Немедленно была объявлена мобилизация всех мужчин до 50-летнего возраста. А до 65 лет на рытье окопов и противотанковых рвов, стройку аэродромов… Призванные же в армию неделями валялись под плетнями и заборами, ожидая очереди в медицинскую комиссию. С ними нередко находились жены и матери. Чувствовали, что людей берут на небывалую еще бойню. Брали в армию почти всех без исключения. Человек с одним глазом считался годным…
– Умереть можете и с одним глазом, – цинично заявлял председатель комиссии, когда «одноглазый» пытался возразить.
– Даже скорее, – бурчал кто-нибудь из толпы бесштанной команды.
На стройку аэродрома посылали ежедневно с пяти часов утра до девяти часов вечера. До пятидесятилетнего возраста мобилизовали и женщин. Таким образом, большинство, у кого не было старух, довольствовались лишь одним хлебом. Дети бросались на произвол судьбы.
Аэродром в степи
Под аэродром равняли площадь на сухом месте в степи, вдали от реки. Жажда томила людей. Воду не подвозили. И только после посещения председателем Райисполкома прикомандировали какого-то деда на кривой емкой кляче с дырявой бочкой.

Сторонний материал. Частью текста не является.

(* Let $p,r$ be positive integers and $q=p+r$. Then the map $\Phi:U_{pq}(\mathbb{H})\to\mathbb{H}^{r\times p}$, $\Phi(Q)=Q_2(Q_0-Q_1)^{-1}$, is a $\mathbf{GL}_p(\mathbb{H})$-invariant harmonic map on $U_{pq}(\mathbb{H})$, equipped with the semi-Euclidean metric (and $\mathbb{H}^{r\times p}$ with its flat metric).
   Context: Elements of $\mathbb{H}^{(p+q)\times p}$ are written $Q=(Q_0;Q_1;Q_2)$ with $Q_0,Q_1\in\mathbb{H}^{p\times p}$, $Q_2\in\mathbb{H}^{r\times p}$. $U_{pq}(\mathbb{H})=\{Q: -Q_0^*Q_0+Q_1^*Q_1+Q_2^*Q_2<0\}$, meaning $x^*(\cdot)x<0$ for every non-zero $x\in\mathbb{H}^p$; on it $Q_0-Q_1$ is invertible. $\mathbf{GL}_p(\mathbb{H})$ acts by right multiplication. The semi-Euclidean metric is $(X,Y)=\mathfrak{Re}\,\mathrm{trace}(X^*\mathrm{diag}(-I_p,I_q)Y)$. Harmonic means vanishing tension field, i.e. every real component of $\Phi$ is annihilated by the Laplace–Beltrami operator of the semi-Euclidean metric. *)

From HB Require Import structures.
From mathcomp Require Import all_boot all_order all_algebra.
From mathcomp Require Import all_classical all_reals all_analysis.
From Stdlib Require Import ClassicalEpsilon.

Set Implicit Arguments.
Unset Strict Implicit.
Unset Printing Implicit Defensive.

Import Order.TTheory GRing.Theory Num.Theory.
Import numFieldNormedType.Exports.
Local Open Scope ring_scope.

(* Quaternion matrices.  A matrix X in H^{m x n} is written uniquely as      *)
(*   X = A + B i + C j + D k   with A, B, C, D real m x n matrices;          *)
(* we represent it by the tuple (((A, B), C), D).  This type is a real       *)
(* normed vector space (product of real matrix spaces), which is exactly the *)
(* underlying real vector space of H^{m x n}, with the real coordinates of   *)
(* the quaternion entries as coordinates.                                   *)

Definition hmx (R : realType) (m n : nat) : Type :=
  ('M[R]_(m, n) * 'M[R]_(m, n) * 'M[R]_(m, n) * 'M[R]_(m, n))%type.

Section Quat.
Variable R : realType.

Definition hre {m n} (X : hmx R m n) : 'M[R]_(m, n) := X.1.1.1.
Definition him {m n} (X : hmx R m n) : 'M[R]_(m, n) := X.1.1.2.
Definition hjm {m n} (X : hmx R m n) : 'M[R]_(m, n) := X.1.2.
Definition hkm {m n} (X : hmx R m n) : 'M[R]_(m, n) := X.2.

Definition hmk {m n} (A B C D : 'M[R]_(m, n)) : hmx R m n := (A, B, C, D).

(* real component number c (0 = real part, 1 = i, 2 = j, 3 = k) *)
Definition hcomp {m n} (c : 'I_4) (X : hmx R m n) : 'M[R]_(m, n) :=
  match val c with
  | 0 => hre X | 1 => him X | 2 => hjm X | _ => hkm X
  end.

Definition hinj {m n} (c : 'I_4) (M : 'M[R]_(m, n)) : hmx R m n :=
  match val c with
  | 0 => hmk M 0 0 0 | 1 => hmk 0 M 0 0 | 2 => hmk 0 0 M 0 | _ => hmk 0 0 0 M
  end.

(* quaternion matrix product (Hamilton rules ij = k, jk = i, ki = j) *)
Definition hmul {m n k} (X : hmx R m n) (Y : hmx R n k) : hmx R m k :=
  let a := hre X in let b := him X in let c := hjm X in let d := hkm X in
  let a' := hre Y in let b' := him Y in let c' := hjm Y in let d' := hkm Y in
  hmk (a *m a' - b *m b' - c *m c' - d *m d')
      (a *m b' + b *m a' + c *m d' - d *m c')
      (a *m c' - b *m d' + c *m a' + d *m b')
      (a *m d' + b *m c' - c *m b' + d *m a').

Definition hadj {m n} (X : hmx R m n) : hmx R n m :=
  hmk (hre X)^T (- (him X)^T) (- (hjm X)^T) (- (hkm X)^T).

Definition hone n : hmx R n n := hmk 1%:M 0 0 0.

Definition hinvertible {n} (A : hmx R n n) : Prop :=
  exists B : hmx R n n, hmul A B = hone n /\ hmul B A = hone n.

(* the inverse A^{-1} (chosen classically; meaningful when A is invertible) *)
Definition hinv {n} (A : hmx R n n) : hmx R n n :=
  epsilon (inhabits (0 : hmx R n n))
          (fun B => hmul A B = hone n /\ hmul B A = hone n).

Definition hnegdef {n} (M : hmx R n n) : Prop :=
  forall x : hmx R n 1, x <> 0 -> hre (hmul (hadj x) (hmul M x)) 0 0 < 0.

(* The domain H^{(p+q) x p}, q = p + r, written Q = (Q0; Q1; Q2).            *)

Definition Hdom (p r : nat) : Type := (hmx R p p * hmx R p p * hmx R r p)%type.

Definition Q0 {p r} (Q : Hdom p r) : hmx R p p := Q.1.1.
Definition Q1 {p r} (Q : Hdom p r) : hmx R p p := Q.1.2.
Definition Q2 {p r} (Q : Hdom p r) : hmx R r p := Q.2.

Definition Upq {p r} : set (Hdom p r) := fun Q =>
  hnegdef (- hmul (hadj (Q0 Q)) (Q0 Q) + hmul (hadj (Q1 Q)) (Q1 Q)
           + hmul (hadj (Q2 Q)) (Q2 Q)).

Definition hact {p r} (Q : Hdom p r) (g : hmx R p p) : Hdom p r :=
  (hmul (Q0 Q) g, hmul (Q1 Q) g, hmul (Q2 Q) g).

Definition Phi {p r} (Q : Hdom p r) : hmx R r p :=
  hmul (Q2 Q) (hinv (Q0 Q - Q1 Q)).
Lemma green_values_agree BC2 BC1 G2 G1 :
  reflection_pair n T BC2 BC1 ->
  green_function (2 * n) (ext_coef T a) 0 (2 * T) BC2 G2 ->
  green_function (2 * n) a 0 T BC1 G1 ->
  forall al be t0, 0 <= al -> al < be -> be < T -> 0 <= t0 <= T ->
  exists V, has_integral (fun s => G1 t0 s * ind al be s) 0 T V /\
            has_integral (fun s => G2 t0 s * mirror_ind T al be s) 0 (2 * T) V.
Proof.
  intros [Hsub2 Hrefl2 Hsub1 Hsymm1] [Hnr2 [_ Hex2]] [Hnr1 [_ Hex1]] al be t0 Hal Hab Hbe Ht0.
  destruct (Hex2 (mirror_ind T al be) (mirror_ind_L1 T al be Hal Hab ltac:(lra)))
    as [D [HW [HB2 [Hop Hint2]]]].
  assert (Hsymm : symm (2 * n) T D)
    by (apply (symmetric_solution BC2 D (mirror_ind T al be)); auto using mirror_ind_symm).
  destruct (restricted_solution D _ HW Hop) as [HW1 Hop1].
  destruct (Hex1 (ind al be) (ex_intro _ _ (has_integral_ind 0 T al be Hal Hab ltac:(lra))))
    as [D1 [HWD1 [HB1 [HopD1 Hint1]]]].
  assert (Hsame : D1 0%nat t0 - D 0%nat t0 = 0).
  { apply (Hnr1 (fun k t => D1 k t - D k t)); [apply W_sol_minus; auto | apply Hsub1; auto | | exact Ht0].
    eapply ae_combine; [apply HopD1 | apply Hop1|].
    intros t Ht H1 H2. rewrite op_minus, H1, H2.
    unfold mirror_ind, ind. repeat destruct Rle_dec; lra. }
  exists (D 0%nat t0). split.
  - replace (D 0%nat t0) with (D1 0%nat t0) by lra. apply Hint1; auto.
  - apply Hint2. lra.
Qed.

End ReflectionPrinciple.

(* If f is continuous at s0 and integrates to a nonpositive value over every
   subinterval [al,be] of [0,b), then f(s0) <= 0: otherwise f > f(s0)/2 on a
   small subinterval near s0, whose integral would then be positive. *)
Lemma nonpos_of_interval_integrals f b s0 :
  0 < b -> 0 <= s0 <= b ->
  (forall eps, 0 < eps -> exists del, 0 < del /\
     forall s, 0 <= s <= b -> Rabs (s - s0) < del -> Rabs (f s - f s0) < eps) ->
  (forall al be, 0 <= al -> al < be -> be < b ->
     exists V, has_integral (fun s => f s * ind al be s) 0 b V /\ V <= 0) ->
  f s0 <= 0.
Proof.
  intros Hb Hs0 Hcont Hint. apply Rnot_lt_le; intro Hpos.
  set (c := f s0 / 2).
  destruct (Hcont c ltac:(unfold c; lra)) as [del [Hdel Hnear]].
  set (h := Rmin del b / 2).
  assert (Hh1 : h <= del / 2) by (unfold h; pose proof (Rmin_l del b); lra).
  assert (Hh2 : h <= b / 2) by (unfold h; pose proof (Rmin_r del b); lra).
  assert (Hh0 : 0 < h) by (unfold h; apply Rdiv_lt_0_compat; [apply Rmin_glb_lt|]; lra).
  assert (exists al be, 0 <= al /\ al < be /\ be < b /\
                        forall s, al <= s <= be -> Rabs (s - s0) < del)
    as [al [be [Hal [Hab [Hbe Hclose]]]]].
  { destruct (Rle_dec (s0 - h) 0).
    - exists 0, (h / 2). repeat split; try lra. intros s Hs. apply Rabs_def1; lra.
    - exists (s0 - h), (s0 - h / 2). repeat split; try lra. intros s Hs. apply Rabs_def1; lra. }
  destruct (Hint al be Hal Hab Hbe) as [V [HV HVle]].
  assert (Hge : 0 <= 1 * V + (- c) * (be - al)).
  { eapply has_integral_nonneg;
      [apply (has_integral_lin _ _ _ _ _ _ 1 (- c) HV (has_integral_ind 0 b al be Hal Hab ltac:(lra)))|].
    intros s Hs. unfold ind. destruct (Rle_dec al s); [destruct (Rle_dec s be)|]; try lra.
    assert (Hs' : Rabs (f s - f s0) < c) by (apply Hnear; [lra | apply Hclose; lra]).
    apply Rabs_def2 in Hs'. unfold c in *. lra. }
  assert (0 < c * (be - al)) by (apply Rmult_lt_0_compat; unfold c; lra). lra.
Qed.
Lemma prefix_determinedS k a (T : finType) p M' : graham_rothschild k -> p < M' ->
  exists2 M, p < M & forall (chi : seq nat -> T) n F, pword a n M F ->
    prefix_determined k a chi F M p ->
    exists2 F', pword a n M' F' & prefix_determined k a chi F' M' p.+1.
Proof.
move=> IH pM.
have [N HN] := IH (a + p.+1) (M' - p.+1) {ffun {ffun 'I_p -> 'I_a.+1} -> T}.
exists (p.+1 + N) => [|chi n F pF HI]; first lia.
pose psi w : {ffun {ffun 'I_p -> 'I_a.+1} -> T} := [ffun u =>
  chi (wcomp a F (word_of_ffun u ++ a :: map (prefix_subst a p (word_of_ffun u)) w))].
have [H pH HH] := HN psi; have ph := pword_head_vars pM pH.
exists (wcomp a F (head_vars a p H)); first exact: pword_wcomp pF ph.
move=> g g' pg pg' ilt E; have [sg _ vg _] := pg; have [sg' _ _ _] := pg'.
have ie : index a g = index a g'.
  by move/(congr1 size): E; rewrite !size_takel // index_size.
rewrite !wcompA; try by rewrite (pword_size ph); case: pF.
have [ilt' | ip] : index a g < p \/ index a g = p by lia.
  have [i1 p1] := head_vars_first_var H (ltac:(lia) : p < size g) (ltnW ilt').
  have [i2 p2] :=
    head_vars_first_var H (ltac:(lia) : p < size g') (ltac:(lia) : index a g' <= p).
  by apply: HI; rewrite ?i1 ?p1 ?p2 //; apply: pword_wcomp ph _.
have ip' : index a g' = p by rewrite -ie.
have pg_tail := pword_var_tail pg; have pg'_tail := pword_var_tail pg'.
rewrite ip in pg_tail; rewrite ip' in pg'_tail.
have u_eq : take p g' = take p g by rewrite /prefix_before ip ip' in E.
rewrite (wcomp_head_vars_first pg ip pH) (wcomp_head_vars_first pg' ip' pH) u_eq.
have := congr1 (fun f : {ffun _ -> T} => f (ffun_of_word p a (take p g)))
  (HH _ _ pg_tail pg'_tail).
have sp : size (take p g) = p by rewrite size_takel //; lia.
have lp : {in take p g, forall x, x <= a}.
  move=> x; have := letters_before_var pg (ltn0Sn k); rewrite addn0 -ip.
  by move=> /(_ x) + xg => /(_ xg); lia.
by rewrite !ffunE ffun_of_wordK.
Qed.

Или дед ленился, или вода вытекала из дырявой бочки, но воды не хватало в течение дня. Тогда хитрый дед нашел какой-то ставок поблизости, с мутной водой для скота, и стал быстро подвозить жижу. Начались болезни. Наконец, догадались, где дед берет воду, и перестали ее пить.
Кто-то распорядился сжечь траву на участке, занятом аэродромом. Это легкое занятие понравилось всем, и поверхность будущего аэродрома выжгли начисто. Это черное пятно сверху хорошо было видно, и германские летчики впоследствии отлично этим воспользовались, аэродром был уничтожен и обращен в развалины, вместе с аппаратами, в течение десяти минут. Но люди провозились над ним более четырех месяцев.
Аэродром находился в семи километрах от поселка, и это расстояние люди проделывали в обе стороны пешком.
К концу постройки аэродрома додумались дать, наконец, для женщин, имеющих детей до пятилетнего возраста, старый грузовик. Но он от перегрузки однажды перевернулся. Убитых не было, но помятые были. Да и вообще женщины неохотно пользовались этим грузовиком, так как взобраться на него было почти невозможно женщине с лопатой или киркой в руках. Некоторые мужчины пытались было помогать женщинам, а там уже женщина должна была сама или задирать ноги выше головы, чтобы перелезть через высокий борт кузова, или лететь вниз головой на дно его. И в том и в другом случае стыд у большинства брал верх над материнским чувством. Они отказывались от такого способа передвижения и шли домой пешком.